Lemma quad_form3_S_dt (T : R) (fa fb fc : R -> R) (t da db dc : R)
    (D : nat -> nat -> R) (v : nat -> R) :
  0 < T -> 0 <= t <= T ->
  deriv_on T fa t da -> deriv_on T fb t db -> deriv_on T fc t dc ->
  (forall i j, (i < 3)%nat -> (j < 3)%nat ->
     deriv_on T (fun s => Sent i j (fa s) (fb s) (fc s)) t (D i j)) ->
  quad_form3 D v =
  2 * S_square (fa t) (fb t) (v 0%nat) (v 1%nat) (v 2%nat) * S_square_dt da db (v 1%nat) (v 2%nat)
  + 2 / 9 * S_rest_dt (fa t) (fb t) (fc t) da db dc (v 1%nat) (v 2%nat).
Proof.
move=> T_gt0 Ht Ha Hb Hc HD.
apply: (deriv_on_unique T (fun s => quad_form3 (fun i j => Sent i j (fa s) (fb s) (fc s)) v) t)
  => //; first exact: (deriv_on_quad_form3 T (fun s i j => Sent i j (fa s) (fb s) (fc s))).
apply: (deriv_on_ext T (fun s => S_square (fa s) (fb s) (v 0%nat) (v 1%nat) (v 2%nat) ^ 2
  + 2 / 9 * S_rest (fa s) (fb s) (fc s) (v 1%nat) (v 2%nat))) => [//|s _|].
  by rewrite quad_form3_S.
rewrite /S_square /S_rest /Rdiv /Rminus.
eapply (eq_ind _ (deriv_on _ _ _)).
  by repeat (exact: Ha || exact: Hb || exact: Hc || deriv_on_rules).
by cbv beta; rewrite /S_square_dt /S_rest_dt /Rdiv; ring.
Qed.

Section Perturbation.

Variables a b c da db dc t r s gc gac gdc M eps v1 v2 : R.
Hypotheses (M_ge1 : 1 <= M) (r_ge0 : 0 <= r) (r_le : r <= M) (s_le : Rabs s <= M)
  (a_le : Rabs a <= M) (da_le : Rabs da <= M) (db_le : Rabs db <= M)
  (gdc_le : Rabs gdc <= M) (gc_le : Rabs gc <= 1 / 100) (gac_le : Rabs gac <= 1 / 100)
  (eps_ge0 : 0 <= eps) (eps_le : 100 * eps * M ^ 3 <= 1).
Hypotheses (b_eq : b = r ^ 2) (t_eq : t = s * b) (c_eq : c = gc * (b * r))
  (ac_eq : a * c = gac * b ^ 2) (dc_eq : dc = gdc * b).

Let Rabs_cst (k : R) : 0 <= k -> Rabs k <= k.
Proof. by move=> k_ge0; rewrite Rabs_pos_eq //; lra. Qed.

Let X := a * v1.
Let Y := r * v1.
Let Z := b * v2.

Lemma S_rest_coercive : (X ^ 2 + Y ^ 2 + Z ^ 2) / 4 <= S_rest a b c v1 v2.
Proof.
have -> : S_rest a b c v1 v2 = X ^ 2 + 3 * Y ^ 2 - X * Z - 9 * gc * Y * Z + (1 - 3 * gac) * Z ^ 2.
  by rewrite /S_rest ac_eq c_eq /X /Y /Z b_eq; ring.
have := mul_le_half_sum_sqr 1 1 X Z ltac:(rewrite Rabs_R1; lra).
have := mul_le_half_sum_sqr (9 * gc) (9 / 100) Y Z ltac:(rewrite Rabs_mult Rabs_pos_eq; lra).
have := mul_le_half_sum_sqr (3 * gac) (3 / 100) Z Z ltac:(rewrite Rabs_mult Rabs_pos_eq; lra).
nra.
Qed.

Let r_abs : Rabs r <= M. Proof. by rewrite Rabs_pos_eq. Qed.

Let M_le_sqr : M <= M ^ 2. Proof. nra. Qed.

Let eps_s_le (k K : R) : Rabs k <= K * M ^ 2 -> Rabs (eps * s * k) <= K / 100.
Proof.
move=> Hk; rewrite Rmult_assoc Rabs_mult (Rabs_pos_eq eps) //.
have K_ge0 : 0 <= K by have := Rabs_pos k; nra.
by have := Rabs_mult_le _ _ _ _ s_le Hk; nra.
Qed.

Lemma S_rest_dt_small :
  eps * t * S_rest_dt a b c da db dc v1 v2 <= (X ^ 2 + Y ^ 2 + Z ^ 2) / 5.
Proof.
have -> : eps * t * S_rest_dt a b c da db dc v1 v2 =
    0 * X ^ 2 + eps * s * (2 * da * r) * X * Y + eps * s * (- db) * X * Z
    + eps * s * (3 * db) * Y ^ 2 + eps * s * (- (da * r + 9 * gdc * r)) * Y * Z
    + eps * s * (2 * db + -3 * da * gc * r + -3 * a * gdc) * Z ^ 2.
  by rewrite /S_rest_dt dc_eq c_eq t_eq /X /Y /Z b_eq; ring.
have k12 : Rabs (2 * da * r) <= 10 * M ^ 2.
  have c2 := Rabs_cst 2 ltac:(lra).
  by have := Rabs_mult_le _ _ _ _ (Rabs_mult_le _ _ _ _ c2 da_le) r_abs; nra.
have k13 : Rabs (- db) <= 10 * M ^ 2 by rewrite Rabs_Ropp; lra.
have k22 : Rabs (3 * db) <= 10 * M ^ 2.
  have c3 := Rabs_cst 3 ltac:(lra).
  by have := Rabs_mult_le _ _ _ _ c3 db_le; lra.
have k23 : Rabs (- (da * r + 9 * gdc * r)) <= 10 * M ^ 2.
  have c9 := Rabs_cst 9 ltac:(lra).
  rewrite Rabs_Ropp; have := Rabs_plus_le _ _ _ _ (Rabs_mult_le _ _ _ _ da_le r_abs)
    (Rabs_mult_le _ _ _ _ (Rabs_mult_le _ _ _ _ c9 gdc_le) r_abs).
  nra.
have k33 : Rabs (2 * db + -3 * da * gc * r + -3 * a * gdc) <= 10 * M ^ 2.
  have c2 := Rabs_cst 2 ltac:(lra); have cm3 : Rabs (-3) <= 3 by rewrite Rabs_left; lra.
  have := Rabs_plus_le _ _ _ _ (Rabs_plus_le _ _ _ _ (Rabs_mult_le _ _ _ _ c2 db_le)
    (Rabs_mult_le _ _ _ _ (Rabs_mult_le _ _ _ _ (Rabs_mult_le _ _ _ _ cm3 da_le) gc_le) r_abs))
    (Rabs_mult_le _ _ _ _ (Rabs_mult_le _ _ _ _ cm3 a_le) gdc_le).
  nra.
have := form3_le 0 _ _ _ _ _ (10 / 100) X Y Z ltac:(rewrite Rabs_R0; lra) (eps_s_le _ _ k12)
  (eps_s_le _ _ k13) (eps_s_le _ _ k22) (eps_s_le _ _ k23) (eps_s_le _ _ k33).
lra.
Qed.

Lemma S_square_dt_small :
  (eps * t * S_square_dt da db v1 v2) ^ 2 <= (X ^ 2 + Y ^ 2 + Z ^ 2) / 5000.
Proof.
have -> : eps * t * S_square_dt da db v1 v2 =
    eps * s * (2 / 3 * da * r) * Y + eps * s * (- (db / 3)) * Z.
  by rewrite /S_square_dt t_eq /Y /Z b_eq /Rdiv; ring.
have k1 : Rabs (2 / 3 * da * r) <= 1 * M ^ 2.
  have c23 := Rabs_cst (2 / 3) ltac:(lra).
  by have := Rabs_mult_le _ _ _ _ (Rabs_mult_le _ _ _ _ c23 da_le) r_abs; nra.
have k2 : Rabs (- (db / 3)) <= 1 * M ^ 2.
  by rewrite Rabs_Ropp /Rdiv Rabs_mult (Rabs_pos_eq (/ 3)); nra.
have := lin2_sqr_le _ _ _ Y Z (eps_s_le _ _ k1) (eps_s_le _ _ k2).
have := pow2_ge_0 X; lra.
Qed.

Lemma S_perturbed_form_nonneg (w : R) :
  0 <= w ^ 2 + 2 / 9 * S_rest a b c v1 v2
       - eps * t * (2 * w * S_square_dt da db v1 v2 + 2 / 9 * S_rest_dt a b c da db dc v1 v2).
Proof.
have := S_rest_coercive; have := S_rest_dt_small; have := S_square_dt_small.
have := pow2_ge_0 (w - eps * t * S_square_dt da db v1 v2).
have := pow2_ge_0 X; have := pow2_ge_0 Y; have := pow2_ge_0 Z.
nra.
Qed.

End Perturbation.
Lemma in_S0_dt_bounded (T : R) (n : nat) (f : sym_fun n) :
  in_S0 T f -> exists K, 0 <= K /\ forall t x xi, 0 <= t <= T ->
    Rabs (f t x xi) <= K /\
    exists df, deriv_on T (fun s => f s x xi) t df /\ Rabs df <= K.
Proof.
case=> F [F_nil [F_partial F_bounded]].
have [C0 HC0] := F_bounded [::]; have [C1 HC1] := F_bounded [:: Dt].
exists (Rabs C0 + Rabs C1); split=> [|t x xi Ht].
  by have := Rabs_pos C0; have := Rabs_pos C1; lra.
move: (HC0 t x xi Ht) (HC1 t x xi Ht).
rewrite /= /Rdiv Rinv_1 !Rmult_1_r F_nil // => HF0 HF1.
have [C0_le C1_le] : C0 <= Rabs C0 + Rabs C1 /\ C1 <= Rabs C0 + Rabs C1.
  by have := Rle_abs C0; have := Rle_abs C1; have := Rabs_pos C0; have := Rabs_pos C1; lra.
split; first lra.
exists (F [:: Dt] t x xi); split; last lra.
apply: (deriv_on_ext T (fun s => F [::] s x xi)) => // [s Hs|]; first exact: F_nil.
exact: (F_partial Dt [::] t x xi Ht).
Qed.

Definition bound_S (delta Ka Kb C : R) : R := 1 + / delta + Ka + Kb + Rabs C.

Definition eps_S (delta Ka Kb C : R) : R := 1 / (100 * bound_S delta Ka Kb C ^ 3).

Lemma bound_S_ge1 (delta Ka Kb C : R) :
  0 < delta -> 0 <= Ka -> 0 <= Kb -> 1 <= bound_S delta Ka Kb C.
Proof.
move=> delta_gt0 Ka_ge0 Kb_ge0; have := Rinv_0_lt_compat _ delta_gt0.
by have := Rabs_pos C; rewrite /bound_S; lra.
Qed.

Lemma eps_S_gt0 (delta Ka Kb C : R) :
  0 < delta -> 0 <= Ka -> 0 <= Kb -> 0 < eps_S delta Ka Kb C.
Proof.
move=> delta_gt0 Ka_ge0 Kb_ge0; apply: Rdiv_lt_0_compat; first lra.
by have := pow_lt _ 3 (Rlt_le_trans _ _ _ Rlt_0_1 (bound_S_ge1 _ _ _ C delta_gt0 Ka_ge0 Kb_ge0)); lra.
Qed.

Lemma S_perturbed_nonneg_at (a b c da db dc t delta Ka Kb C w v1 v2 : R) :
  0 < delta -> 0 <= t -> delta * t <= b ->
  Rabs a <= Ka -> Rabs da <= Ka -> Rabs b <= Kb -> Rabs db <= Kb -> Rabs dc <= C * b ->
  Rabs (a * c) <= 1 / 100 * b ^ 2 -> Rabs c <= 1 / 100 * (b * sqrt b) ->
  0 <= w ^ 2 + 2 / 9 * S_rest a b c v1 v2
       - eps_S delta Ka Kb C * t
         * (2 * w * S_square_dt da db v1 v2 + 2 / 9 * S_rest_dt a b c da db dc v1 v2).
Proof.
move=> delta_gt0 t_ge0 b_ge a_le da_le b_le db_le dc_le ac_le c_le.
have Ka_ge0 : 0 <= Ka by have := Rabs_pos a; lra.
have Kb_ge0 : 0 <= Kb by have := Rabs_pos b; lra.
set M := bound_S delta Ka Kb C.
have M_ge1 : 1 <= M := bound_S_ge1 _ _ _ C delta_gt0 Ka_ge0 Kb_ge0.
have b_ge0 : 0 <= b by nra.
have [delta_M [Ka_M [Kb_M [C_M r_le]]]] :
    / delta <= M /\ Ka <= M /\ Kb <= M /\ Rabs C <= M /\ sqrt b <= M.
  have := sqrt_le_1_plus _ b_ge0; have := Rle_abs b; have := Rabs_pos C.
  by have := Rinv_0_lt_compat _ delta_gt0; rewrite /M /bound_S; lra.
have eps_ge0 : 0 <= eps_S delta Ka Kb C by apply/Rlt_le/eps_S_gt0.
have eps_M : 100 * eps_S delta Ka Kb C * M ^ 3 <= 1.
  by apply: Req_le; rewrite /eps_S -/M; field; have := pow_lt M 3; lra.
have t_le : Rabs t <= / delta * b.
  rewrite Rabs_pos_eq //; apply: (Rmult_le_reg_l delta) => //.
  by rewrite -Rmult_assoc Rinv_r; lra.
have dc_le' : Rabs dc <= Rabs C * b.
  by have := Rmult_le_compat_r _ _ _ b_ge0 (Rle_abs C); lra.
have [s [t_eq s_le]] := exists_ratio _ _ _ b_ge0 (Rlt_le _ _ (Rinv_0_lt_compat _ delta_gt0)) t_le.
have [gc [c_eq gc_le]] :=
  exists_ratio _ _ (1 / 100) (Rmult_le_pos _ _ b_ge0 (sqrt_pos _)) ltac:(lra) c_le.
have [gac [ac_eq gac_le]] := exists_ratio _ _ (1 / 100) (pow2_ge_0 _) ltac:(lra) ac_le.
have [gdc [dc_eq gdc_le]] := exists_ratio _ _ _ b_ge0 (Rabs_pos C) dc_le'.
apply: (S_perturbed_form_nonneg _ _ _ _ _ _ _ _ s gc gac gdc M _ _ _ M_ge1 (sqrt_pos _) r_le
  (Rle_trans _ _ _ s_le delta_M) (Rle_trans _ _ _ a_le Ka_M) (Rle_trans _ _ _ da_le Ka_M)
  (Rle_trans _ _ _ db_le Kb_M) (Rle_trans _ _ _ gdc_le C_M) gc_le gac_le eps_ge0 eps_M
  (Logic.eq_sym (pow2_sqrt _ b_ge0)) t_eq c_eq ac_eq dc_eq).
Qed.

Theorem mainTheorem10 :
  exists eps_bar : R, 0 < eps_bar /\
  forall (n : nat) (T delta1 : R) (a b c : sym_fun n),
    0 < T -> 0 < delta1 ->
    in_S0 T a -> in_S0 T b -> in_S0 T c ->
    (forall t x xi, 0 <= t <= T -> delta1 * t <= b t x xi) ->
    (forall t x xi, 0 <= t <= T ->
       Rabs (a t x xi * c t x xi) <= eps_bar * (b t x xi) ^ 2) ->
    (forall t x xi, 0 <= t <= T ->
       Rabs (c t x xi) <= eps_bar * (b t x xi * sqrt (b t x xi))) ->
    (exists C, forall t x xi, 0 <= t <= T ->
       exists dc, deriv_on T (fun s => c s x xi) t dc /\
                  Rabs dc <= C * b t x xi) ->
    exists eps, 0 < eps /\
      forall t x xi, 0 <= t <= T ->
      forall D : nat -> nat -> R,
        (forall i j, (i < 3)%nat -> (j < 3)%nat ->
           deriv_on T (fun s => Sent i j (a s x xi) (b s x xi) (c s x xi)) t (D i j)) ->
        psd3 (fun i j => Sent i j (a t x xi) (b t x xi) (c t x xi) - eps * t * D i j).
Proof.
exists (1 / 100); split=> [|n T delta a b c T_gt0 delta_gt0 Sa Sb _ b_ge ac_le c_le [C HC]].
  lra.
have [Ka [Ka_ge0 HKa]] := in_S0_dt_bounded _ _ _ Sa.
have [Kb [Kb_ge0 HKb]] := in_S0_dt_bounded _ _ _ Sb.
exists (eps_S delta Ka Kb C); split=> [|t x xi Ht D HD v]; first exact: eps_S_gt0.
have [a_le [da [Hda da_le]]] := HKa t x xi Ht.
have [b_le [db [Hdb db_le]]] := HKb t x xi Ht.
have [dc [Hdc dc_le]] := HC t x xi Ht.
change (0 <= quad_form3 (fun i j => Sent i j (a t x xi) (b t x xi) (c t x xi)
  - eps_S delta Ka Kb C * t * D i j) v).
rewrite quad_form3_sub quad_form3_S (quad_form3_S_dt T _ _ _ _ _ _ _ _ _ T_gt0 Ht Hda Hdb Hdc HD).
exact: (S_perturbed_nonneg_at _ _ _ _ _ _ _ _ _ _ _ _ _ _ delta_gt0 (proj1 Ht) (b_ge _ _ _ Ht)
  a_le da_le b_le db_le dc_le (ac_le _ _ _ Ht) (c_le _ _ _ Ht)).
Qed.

┄┄┄┄┄┄

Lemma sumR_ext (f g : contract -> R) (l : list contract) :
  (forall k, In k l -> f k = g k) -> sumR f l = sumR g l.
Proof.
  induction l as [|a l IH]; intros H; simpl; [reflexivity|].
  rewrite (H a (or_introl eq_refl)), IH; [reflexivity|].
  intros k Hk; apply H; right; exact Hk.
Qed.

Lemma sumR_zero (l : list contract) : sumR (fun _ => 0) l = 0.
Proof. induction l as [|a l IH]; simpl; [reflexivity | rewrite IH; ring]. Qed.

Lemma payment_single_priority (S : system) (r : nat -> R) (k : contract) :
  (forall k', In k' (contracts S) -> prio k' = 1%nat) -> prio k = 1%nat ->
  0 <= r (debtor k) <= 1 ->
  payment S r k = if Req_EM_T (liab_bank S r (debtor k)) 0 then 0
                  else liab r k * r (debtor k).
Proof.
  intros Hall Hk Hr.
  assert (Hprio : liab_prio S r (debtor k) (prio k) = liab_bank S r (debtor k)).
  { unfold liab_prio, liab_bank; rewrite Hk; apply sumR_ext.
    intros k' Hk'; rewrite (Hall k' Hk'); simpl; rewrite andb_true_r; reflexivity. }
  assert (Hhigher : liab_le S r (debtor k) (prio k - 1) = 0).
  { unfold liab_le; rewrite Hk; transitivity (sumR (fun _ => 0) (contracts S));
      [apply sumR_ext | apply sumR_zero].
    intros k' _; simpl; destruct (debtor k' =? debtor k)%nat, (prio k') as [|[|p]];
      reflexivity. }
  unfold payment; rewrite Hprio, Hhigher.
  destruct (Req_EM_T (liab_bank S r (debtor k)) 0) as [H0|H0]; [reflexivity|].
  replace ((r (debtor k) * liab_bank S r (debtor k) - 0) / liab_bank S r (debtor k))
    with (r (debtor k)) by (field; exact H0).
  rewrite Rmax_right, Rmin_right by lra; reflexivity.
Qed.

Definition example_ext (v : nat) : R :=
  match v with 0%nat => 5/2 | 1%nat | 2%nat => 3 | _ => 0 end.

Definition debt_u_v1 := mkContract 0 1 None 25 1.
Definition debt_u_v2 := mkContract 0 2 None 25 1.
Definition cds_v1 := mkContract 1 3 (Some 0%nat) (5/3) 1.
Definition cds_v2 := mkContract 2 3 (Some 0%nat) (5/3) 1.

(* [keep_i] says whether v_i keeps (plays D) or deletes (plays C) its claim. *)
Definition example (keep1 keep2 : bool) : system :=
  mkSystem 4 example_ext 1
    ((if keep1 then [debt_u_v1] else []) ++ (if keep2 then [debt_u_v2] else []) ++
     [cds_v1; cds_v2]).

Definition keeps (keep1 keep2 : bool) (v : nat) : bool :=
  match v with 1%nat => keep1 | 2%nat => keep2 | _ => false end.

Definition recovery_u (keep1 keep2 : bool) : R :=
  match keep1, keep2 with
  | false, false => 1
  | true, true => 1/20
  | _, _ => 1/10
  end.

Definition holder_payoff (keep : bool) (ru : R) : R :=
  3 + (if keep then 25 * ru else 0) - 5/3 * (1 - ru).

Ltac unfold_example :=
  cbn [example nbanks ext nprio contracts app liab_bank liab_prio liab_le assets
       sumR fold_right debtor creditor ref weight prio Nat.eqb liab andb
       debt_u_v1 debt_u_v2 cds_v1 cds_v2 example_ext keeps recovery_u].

┄┄┄┄┄┄

**ACTIVITY:** Only the lines above from the line containing "by have := Rabs_pos C0;" through the line containing "set M := bound_S delta Ka Kb C." should be retyped, exactly and with both ends included.

**RESULT OF THE EXERCISE:**
  by have := Rabs_pos C0; have := Rabs_pos C1; lra.
move: (HC0 t x xi Ht) (HC1 t x xi Ht).
rewrite /= /Rdiv Rinv_1 !Rmult_1_r F_nil // => HF0 HF1.
have [C0_le C1_le] : C0 <= Rabs C0 + Rabs C1 /\ C1 <= Rabs C0 + Rabs C1.
  by have := Rle_abs C0; have := Rle_abs C1; have := Rabs_pos C0; have := Rabs_pos C1; lra.
split; first lra.
exists (F [:: Dt] t x xi); split; last lra.
apply: (deriv_on_ext T (fun s => F [::] s x xi)) => // [s Hs|]; first exact: F_nil.
exact: (F_partial Dt [::] t x xi Ht).
Qed.

Definition bound_S (delta Ka Kb C : R) : R := 1 + / delta + Ka + Kb + Rabs C.

Definition eps_S (delta Ka Kb C : R) : R := 1 / (100 * bound_S delta Ka Kb C ^ 3).

Lemma bound_S_ge1 (delta Ka Kb C : R) :
  0 < delta -> 0 <= Ka -> 0 <= Kb -> 1 <= bound_S delta Ka Kb C.
Proof.
move=> delta_gt0 Ka_ge0 Kb_ge0; have := Rinv_0_lt_compat _ delta_gt0.
by have := Rabs_pos C; rewrite /bound_S; lra.
Qed.

Lemma eps_S_gt0 (delta Ka Kb C : R) :
  0 < delta -> 0 <= Ka -> 0 <= Kb -> 0 < eps_S delta Ka Kb C.
Proof.
move=> delta_gt0 Ka_ge0 Kb_ge0; apply: Rdiv_lt_0_compat; first lra.
by have := pow_lt _ 3 (Rlt_le_trans _ _ _ Rlt_0_1 (bound_S_ge1 _ _ _ C delta_gt0 Ka_ge0 Kb_ge0)); lra.
Qed.

Lemma S_perturbed_nonneg_at (a b c da db dc t delta Ka Kb C w v1 v2 : R) :
  0 < delta -> 0 <= t -> delta * t <= b ->
  Rabs a <= Ka -> Rabs da <= Ka -> Rabs b <= Kb -> Rabs db <= Kb -> Rabs dc <= C * b ->
  Rabs (a * c) <= 1 / 100 * b ^ 2 -> Rabs c <= 1 / 100 * (b * sqrt b) ->
  0 <= w ^ 2 + 2 / 9 * S_rest a b c v1 v2
       - eps_S delta Ka Kb C * t
         * (2 * w * S_square_dt da db v1 v2 + 2 / 9 * S_rest_dt a b c da db dc v1 v2).
Proof.
move=> delta_gt0 t_ge0 b_ge a_le da_le b_le db_le dc_le ac_le c_le.
have Ka_ge0 : 0 <= Ka by have := Rabs_pos a; lra.
have Kb_ge0 : 0 <= Kb by have := Rabs_pos b; lra.
set M := bound_S delta Ka Kb C.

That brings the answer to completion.